Collected data:

........

Lemma cont_c_el : cont_c P Kmeas Knorm Pf f -> cont_el P Kmeas Knorm Pf f.
Proof.
move=> contc G openG x0 Gx0.
have [e [e_gt0 [lam [/andP[lam_gt0 lam_lt1] Gball]]]] := openG _ (mf x0) Gx0.
have lam4_gt0 : 0 < lam / 4 by lra.
have lam4 : 0 < lam / 4 < 1 by apply/andP; split; lra.
have [Q [PQ [eta [meta [eta_gt0 ball_small]]]]] :=
  contc _ (small_in_prob_open lam4) 0 (hom0_small_in_prob lam4_gt0).
have {}ball_small y : {ae P, forall w, normQ Q y w <= eta w} -> small_in_prob (lam / 4) (f y).
  by have := ball_small y; rewrite subr0.
have [delta [delta_gt0 pr_eta]] := exists_pr_lt_small meta eta_gt0 lam4_gt0.
exists Q; split => //; exists (e * delta); split; first exact: mulr_gt0.
exists (lam / 4); split => // y.
rewrite lte_probP; last exact: measurable_normQ_lt.
move=> pr_normQ.
apply: Gball (mf y) _; rewrite lte_probP; last first.
  exact: measurable_set_ltr (measurable_KnormB (mf y) (mf x0)) (measurable_cst _).
have := pr_Knorm_hom_gt PQ meta e_gt0 delta_gt0 pr_eta
  (pr_dominated_lt PQ meta eta_gt0 ball_small (y - x0)) pr_normQ.
have : pr P [set w | Knorm (f (y - x0) w) < e] <=
       pr P [set w | Knorm (f y w - f x0 w) < e].
  apply: pr_le_ae; [exact: measurable_Knorm_lt |
    exact: measurable_set_ltr (measurable_KnormB (mf y) (mf x0)) (measurable_cst _) |].
  by apply: filterS (homB_ae x0 y) => w /= ->.
lra.
Qed.

End Homomorphism.

Lemma cont_c_iff_el f : L0_module_hom P Kmeas sc f ->
  cont_c P Kmeas Knorm Pf f <-> cont_el P Kmeas Knorm Pf f.
Proof.
move=> hf; split; first exact: cont_c_el.
by move=> contel G openG; apply: el_open_c_open; exact: contel.
Qed.

End Module.

Lemma dual_equality : dual_equality_statement P Kmeas Knorm.
Proof. by move=> E sc Pf hRLC f; exact: cont_c_iff_el. Qed.

End Duality.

........

[AIM OF THE EXERCISE]
Every line that contains "exact" should be copied out of the data.

[RESULT OF THE TASK]
exists Q; split => //; exists (e * delta); split; first exact: mulr_gt0.
rewrite lte_probP; last exact: measurable_normQ_lt.
  exact: measurable_set_ltr (measurable_KnormB (mf y) (mf x0)) (measurable_cst _).
  apply: pr_le_ae; [exact: measurable_Knorm_lt |
    exact: measurable_set_ltr (measurable_KnormB (mf y) (mf x0)) (measurable_cst _) |].
move=> hf; split; first exact: cont_c_el.
by move=> contel G openG; apply: el_open_c_open; exact: contel.
Proof. by move=> E sc Pf hRLC f; exact: cont_c_iff_el. Qed.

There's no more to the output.